Obtain the molar specific heat of a solid by using the law of equipartition of energy.

(C) The law of equipartition of energy can be used to predict the molar specific heat capacities of solids. Consider a solid consisting of $N$ atoms,each vibrating about its mean position.
An oscillator in one dimension has an average energy $= 2 \times \frac{1}{2} k_{B} T = k_{B} T$,where $k_{B}$ is the Boltzmann constant.
In three dimensions,the average energy $= 3 k_{B} T$.
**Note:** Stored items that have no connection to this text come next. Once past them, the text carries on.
Lemma neumann_rem_sq_le N x K :
  \sum_(p < N) neumann_rem N x K p ^+ 2 <= Lam ^+ 2 * (N%:R * (rho ^+ K / C ^+ 2 * sqnorm N x)).
Proof.
pose z i c := if (c < nb i)%N then
   mulv (nb i) (Bpow (nb i) K) (mulv (nb i) (Ginv (nb i)) (trunc N x)) c else 0.
rewrite (eq_bigr (fun p : 'I_N => (\sum_(c < nb N) M p c * z (blk p) c) ^+ 2)); last first.
  move=> p _; rewrite /neumann_rem sqrrN; congr (_ ^+ 2).
  have hn : (nb (blk p) <= nb N)%N.
    by rewrite nb_leq // ltnW // (leq_ltn_trans (blk_leq Hnb p)).
  set v := mulv _ (Bpow _ K) _.
  rewrite (big_ord_widen_if (fun c => M p c * v c) hn); apply: eq_bigr => c _.
  by rewrite /z; case: ifP; rewrite ?mulr0.
apply: le_trans (sqnorm_M_blockwise N (nb N) z) _; apply: ler_wpM2l; first exact: sqr_ge0.
have -> : N%:R * (rho ^+ K / C ^+ 2 * sqnorm N x) = \sum_(i < N) (rho ^+ K / C ^+ 2 * sqnorm N x).
  by rewrite sumr_const card_ord mulr_natl.
apply: ler_sum => i _.
have hn : (nb i <= nb N)%N by rewrite nb_leq // ltnW.
rewrite sqnorm_widen //; apply: le_trans (sqnorm_Bpow _ _ _) _.
rewrite -mulrA ler_wpM2l ?exprn_ge0 ?rho_ge0 // mulrC ler_pdivlMr ?exprn_gt0 // mulrC.
exact: le_trans (sqnorm_Ginv _ _) (sqnorm_trunc _ _ _).
Qed.

Definition Linv_apx_bound := 2 + 2 * (neumann_const / (1 - sigma) ^+ 2).

Lemma sqnorm_Linv_apx k N x :
  sqnorm N (mulv N (Linv_apx k) x) <= Linv_apx_bound * sqnorm N x.
Proof.
rewrite (eq_sqnorm (y := fun p => x p + \sum_(0 <= m < k) neumann_term N x m p)); last first.
  by move=> p hp; rewrite mulv_Linv_apx // big_mkord.
apply: le_trans (sqnorm_add_le _ _ _) _.
have := ler_wpM2l (ler0n _ 2) (sum_neumann_terms_le N x 0 k).
rewrite /sqnorm expr0 -/(sqnorm N x) => H.
have -> : Linv_apx_bound * sqnorm N x = 2 * sqnorm N x +
  2 * (neumann_const * (1 / (1 - sigma)) ^+ 2 * sqnorm N x).
  by rewrite /Linv_apx_bound; field; rewrite subr_eq0 gt_eqF ?sigma_lt1.
by rewrite lerD2l.
Qed.

Lemma Linv_apx_ltri k p q : (p < q)%N -> Linv_apx k p q = 0.
Proof.
move=> h; rewrite /Linv_apx /schur_lower ifN; last by rewrite -leqNgt leq_blk // ltnW.
by rewrite addr0; case: eqP => // E; rewrite E ltnn in h.
Qed.

Lemma Linv_apx_diag k p : Linv_apx k p p = 1.
Proof. by rewrite /Linv_apx /schur_lower ltnn eqxx addr0. Qed.

Lemma Linv_apx_lower k : blk_lower nb (Linv_apx k).
Proof.
move=> i j p q hij; rewrite !inblkE => /eqP hp /eqP hq; apply: Linv_apx_ltri.
by apply: (@ltn_of_blk _ Hnb); rewrite hp hq.
Qed.

Lemma Linv_apx_unit_diag k : blk_unit_diag nb (Linv_apx k).
Proof.
move=> i p q; rewrite !inblkE => /eqP hp /eqP hq.
by rewrite /Linv_apx /schur_lower hp hq ltnn addr0.
Qed.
Therefore,for one mole of a solid,the total internal energy $U$ is the average energy multiplied by the number of atoms in one mole $(N_{A})$:
$U = 3 k_{B} T \times N_{A}$
Since $k_{B} N_{A} = R$ (the universal gas constant),we have:
$U = 3 RT$
To find the molar specific heat capacity $C$,we differentiate $U$ with respect to temperature $T$:
$C = \frac{dU}{dT} = \frac{d}{dT}(3 RT) = 3R$
According to the first law of thermodynamics,$\Delta Q = \Delta U + \Delta W$. For a solid,the change in volume $\Delta V$ is negligible,so the work done $\Delta W = P \Delta V \approx 0$. Thus,$\Delta Q = \Delta U$. Therefore,the molar specific heat capacity of a solid is $C = 3R$.